* _WHAT THE EXERCISE ASKS_
Each line of the records below that holds "Rext" should be returned.

* _DATA SHOWN_
(* Let $X$ be a shift space. For every $n\ge1$ and $m\ge0$, the graph $\mathcal E_n(w)$ is a tree for all $w\in\mathcal L_{\ge m}(X)$ if and only if the graph $\mathcal E_{n+1}(w)$ is a tree for all $w\in\mathcal L_{\ge m}(X)$.
   Context: $A$ is a finite alphabet; a shift space is a closed shift-invariant subset $X\subseteq A^{\mathbb Z}$; $\mathcal L(X)$ is its set of finite factors, $\mathcal L_n(X)=\mathcal L(X)\cap A^n$, $\mathcal L_{\ge n}(X)=\bigcup_{k\ge n}\mathcal L_k(X)$. For $w\in\mathcal L(X)$ and $n\ge1$: $L_n(w)=\{u\in\mathcal L_n(X):uw\in\mathcal L(X)\}$, $R_n(w)=\{v\in\mathcal L_n(X):wv\in\mathcal L(X)\}$, and the extension graph $\mathcal E_n(w)$ is the undirected bipartite graph with vertex set the disjoint union of $L_n(w)$ and $R_n(w)$ and an edge $(u,v)$ iff $uwv\in\mathcal L(X)$. *)

From mathcomp Require Import all_boot all_order all_algebra.
Set Implicit Arguments. Unset Strict Implicit. Unset Printing Implicit Defensive.
Import GRing.Theory Num.Theory.

Definition config (A : finType) := int -> A.

Definition shift (A : finType) (x : config A) : config A := fun i => x (i + 1)%R.

Definition factor_at (A : finType) (x : config A) (i : int) (k : nat) : seq A :=
  [seq x (i + (j%:Z))%R | j <- iota 0 k].

(* X is closed in the product topology: a configuration all of whose central
   windows [-N,N] agree with some point of X belongs to X. *)
Definition closed_set (A : finType) (X : config A -> Prop) : Prop :=
  forall x : config A,
    (forall N : nat, exists y, X y /\
       forall i : int, (- (N%:Z) <= i)%R -> (i <= N%:Z)%R -> y i = x i) ->
    X x.

Definition shift_invariant (A : finType) (X : config A -> Prop) : Prop :=
  forall x : config A, X x <-> X (shift x).

Definition shift_space (A : finType) (X : config A -> Prop) : Prop :=
  closed_set X /\ shift_invariant X.

Definition lang (A : finType) (X : config A -> Prop) (w : seq A) : Prop :=
  exists x, X x /\ exists i : int, w = factor_at x i (size w).

Definition Lext (A : finType) (X : config A -> Prop) (n : nat) (w u : seq A) : Prop :=
  size u = n /\ lang X u /\ lang X (u ++ w).
Definition Rext (A : finType) (X : config A -> Prop) (n : nat) (w v : seq A) : Prop :=
  size v = n /\ lang X v /\ lang X (w ++ v).

(* Extension graph E_n(w): vertices are the disjoint union (inl u | u in L_n(w))
   and (inr v | v in R_n(w)); undirected edges {u,v} iff uwv in L(X). *)
Definition ext_vertex (A : finType) (X : config A -> Prop) (n : nat) (w : seq A)
  (z : seq A + seq A) : Prop :=
  match z with inl u => Lext X n w u | inr v => Rext X n w v end.

Definition ext_edge (A : finType) (X : config A -> Prop) (n : nat) (w : seq A)
  (z1 z2 : seq A + seq A) : Prop :=
  match z1, z2 with
  | inl u, inr v => Lext X n w u /\ Rext X n w v /\ lang X (u ++ w ++ v)
  | inr v, inl u => Lext X n w u /\ Rext X n w v /\ lang X (u ++ w ++ v)
  | _, _ => False
  end.

Fixpoint walk (V : Type) (E : V -> V -> Prop) (x : V) (p : seq V) : Prop :=
  match p with
  | [::] => True
  | y :: p' => E x y /\ walk E y p'
  end.

Definition connected_graph (V : eqType) (P : V -> Prop) (E : V -> V -> Prop) : Prop :=
  forall x y, P x -> P y ->
    exists p : seq V, walk E x p /\ last x p = y /\ (forall z, z \in p -> P z).

Definition acyclic_graph (V : eqType) (P : V -> Prop) (E : V -> V -> Prop) : Prop :=
  ~ exists (x : V) (p : seq V),
      P x /\ (forall z, z \in p -> P z) /\ uniq (x :: p) /\ 2 <= size p /\
          walk E x p /\ E (last x p) x.

Definition is_tree (V : eqType) (P : V -> Prop) (E : V -> V -> Prop) : Prop :=
  (exists x, P x) /\ connected_graph P E /\ acyclic_graph P E.

Definition ext_graph_is_tree (A : finType) (X : config A -> Prop) (n : nat) (w : seq A) : Prop :=
  @is_tree (seq A + seq A)%type (ext_vertex X n w) (ext_edge X n w).

(* Write E_{k,l}(w) for the extension graph of w with left extensions of
   length k and right extensions of length l.  Grouping the right vertices of
   E_{k,l+1}(w) by their prefix of length l shows that E_{k,l+1}(w) arises from
   E_{k,l}(w) by blowing up every right vertex v into a copy of E_{k,1}(wv),
   glued along the left neighbours of v.  For such a blow-up of bipartite
   graphs, the glued graph is a tree when the base and all the pieces are trees,
   and the base is a tree when the glued graph is a tree and all the pieces are
   connected.  Since wv is longer than w, the bound |w| >= m is inherited by the
   pieces; so "all E_{k,l}(w) with w in L_{>=m}(X) are trees" passes from (k,l)
   and (k,1) up to (k,l+1), and from (k,l+1) down to (k,l).  Mirroring X swaps
   the two sides, and both E_{n,n} and E_{n+1,n+1} are thus equivalent to
   E_{1,1}. *)

From mathcomp Require Import all_boot all_order all_algebra.
From mathcomp Require Import zify.
From Stdlib Require Import ClassicalEpsilon FunctionalExtensionality.
Set Implicit Arguments. Unset Strict Implicit. Unset Printing Implicit Defensive.
Import GRing.Theory.

Section Walks.
Variable V : eqType.
Implicit Types (P : V -> Prop) (E : V -> V -> Prop).

(* Relations are reflected into [rel V] (classically) so that [path] and
   [shortenP] apply to walks. *)
Definition relb E : rel V :=
  fun x y => if excluded_middle_informative (E x y) then true else false.

Lemma relbP E x y : reflect (E x y) (relb E x y).
Proof. rewrite /relb; case: excluded_middle_informative => h; by constructor. Qed.

Lemma walk_path E x p : walk E x p <-> path (relb E) x p.
Proof.
elim: p x => [|y p IH] x //=; split.
  by case=> h1 /IH h2; rewrite h2 andbT; apply/relbP.
by case/andP=> /relbP h1 /IH; tauto.
Qed.

(* The start vertex [x] itself is not required to satisfy [P]. *)
Definition conn P E x y :=
  exists p, path (relb E) x p /\ last x p = y /\ (forall z, z \in p -> P z).

Definition connected P E := forall x y, P x -> P y -> conn P E x y.

Lemma connected_graphE P E : connected_graph P E <-> connected P E.
Proof.
split=> h x y Px Py; have [p [h1 [h2 h3]]] := h x y Px Py; exists p.
  by split=> //; apply/walk_path.
by split=> //; apply/walk_path.
Qed.

Lemma conn_refl P E x : conn P E x x.
Proof. by exists [::]. Qed.

Lemma conn_edge P E x y : E x y -> P y -> conn P E x y.
Proof.
move=> Exy Py; exists [:: y]; split; first by rewrite /= andbT; apply/relbP.
by split=> // z; rewrite inE => /eqP->.
Qed.

Lemma conn_trans P E x y z : conn P E x y -> conn P E y z -> conn P E x z.
Proof.
move=> [p [h1 [h2 h3]]] [q [g1 [g2 g3]]]; exists (p ++ q); split.
  by rewrite cat_path h1 h2 g1.
by split; [rewrite last_cat h2 | move=> t; rewrite mem_cat => /orP[/h3|/g3]].
Qed.

Lemma conn_ind P E (Q : V -> Prop) x y : conn P E x y ->
  Q y -> (forall a b, E a b -> P b -> Q b -> Q a) -> Q x.
Proof.
move=> [p [h1 [h2 h3]]] Qy hQ; elim: p x h1 h2 h3 => [|t p IH] x /=.
  by move=> _ ->.
move=> /andP[/relbP Ext h1] h2 h3.
apply: (hQ x t Ext); first by apply: h3; rewrite inE eqxx.
by apply: IH => // z zp; apply: h3; rewrite inE zp orbT.
Qed.

Lemma conn_uniq P E x y : conn P E x y ->
  exists p, [/\ path (relb E) x p, last x p = y, forall z, z \in p -> P z
            & uniq (x :: p)].
Proof.
case=> p [h1 [h2 h3]]; case: (shortenP h1) h2 => q g1 g2 g3 g4.
by exists q; split=> // z /g3; apply: h3.
Qed.

Lemma conn_endP P E x y : x <> y -> conn P E x y -> P y.
Proof.
move=> xy [[|t p] [_ [/= yE Pp]]]; first by case: xy.
by rewrite -yE; apply: Pp; rewrite mem_last.
Qed.

Lemma conn_sym P E x y : (forall a b, E a b -> E b a) ->
  P x -> conn P E x y -> conn P E y x.
Proof.
move=> sym Px c; apply: (conn_ind (Q := fun a => P a -> conn P E y a)) c _ _ Px.
  by move=> _; apply: conn_refl.
move=> a b Eab Pb hb Pa.
exact: conn_trans (hb Pb) (conn_edge (sym _ _ Eab) Pa).
Qed.

End Walks.

Lemma conn_map (V1 V2 : eqType) (P1 : V1 -> Prop) (E1 : V1 -> V1 -> Prop)
    (P2 : V2 -> Prop) (E2 : V2 -> V2 -> Prop) (f : V1 -> V2) (Q : V1 -> Prop) x y :
  conn P1 E1 x y -> Q x -> (forall z, P1 z -> Q z /\ P2 (f z)) ->
  (forall a b, Q a -> Q b -> E1 a b -> E2 (f a) (f b)) ->
  conn P2 E2 (f x) (f y).
Proof.
move=> c Qx hP hE; move: Qx.
apply: (conn_ind (Q := fun a => Q a -> conn P2 E2 (f a) (f y))) c _ _.
  by move=> _; apply: conn_refl.
move=> a b Eab P1b hb Qa; have [Qb P2b] := hP b P1b.
exact: conn_trans (conn_edge (hE a b Qa Qb Eab) P2b) (hb Qb).
Qed.

Section Acyclic.
Variable V : eqType.
Implicit Types (P : V -> Prop) (E : V -> V -> Prop).

Lemma conn_sub P E P' E' (Q : V -> Prop) x y :
  conn P E x y -> Q x -> (forall z, P z -> Q z /\ P' z) ->
  (forall a b, Q a -> Q b -> E a b -> E' a b) -> conn P' E' x y.
Proof. exact: (conn_map (f := id)). Qed.

Definition without P t z := P z /\ z <> t.

Definition drop_edge E a b x y :=
  E x y /\ ~ ((x = a /\ y = b) \/ (x = b /\ y = a)).

Lemma drop_edgeC E a b x y : drop_edge E a b x y -> drop_edge E b a x y.
Proof. by case=> Exy hn; split=> // h; apply: hn; tauto. Qed.

Lemma conn_avoid_vertex P E P' a b t x y :
  x <> t -> t = a \/ t = b -> conn P E x y ->
  (forall z, P z -> z <> t /\ P' z) -> conn P' (drop_edge E a b) x y.
Proof.
move=> xt tab c hP; apply: (conn_sub (Q := fun z => z <> t)) c xt hP _.
move=> s r st rt Esr; split=> // -[] [sE rE]; case: tab => tE;
  by [apply: st; rewrite sE | apply: rt; rewrite rE].
Qed.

* _OUTPUT OF THE EXERCISE_
Definition Rext (A : finType) (X : config A -> Prop) (n : nat) (w v : seq A) : Prop :=
  match z with inl u => Lext X n w u | inr v => Rext X n w v end.
  | inl u, inr v => Lext X n w u /\ Rext X n w v /\ lang X (u ++ w ++ v)
  | inr v, inl u => Lext X n w u /\ Rext X n w v /\ lang X (u ++ w ++ v)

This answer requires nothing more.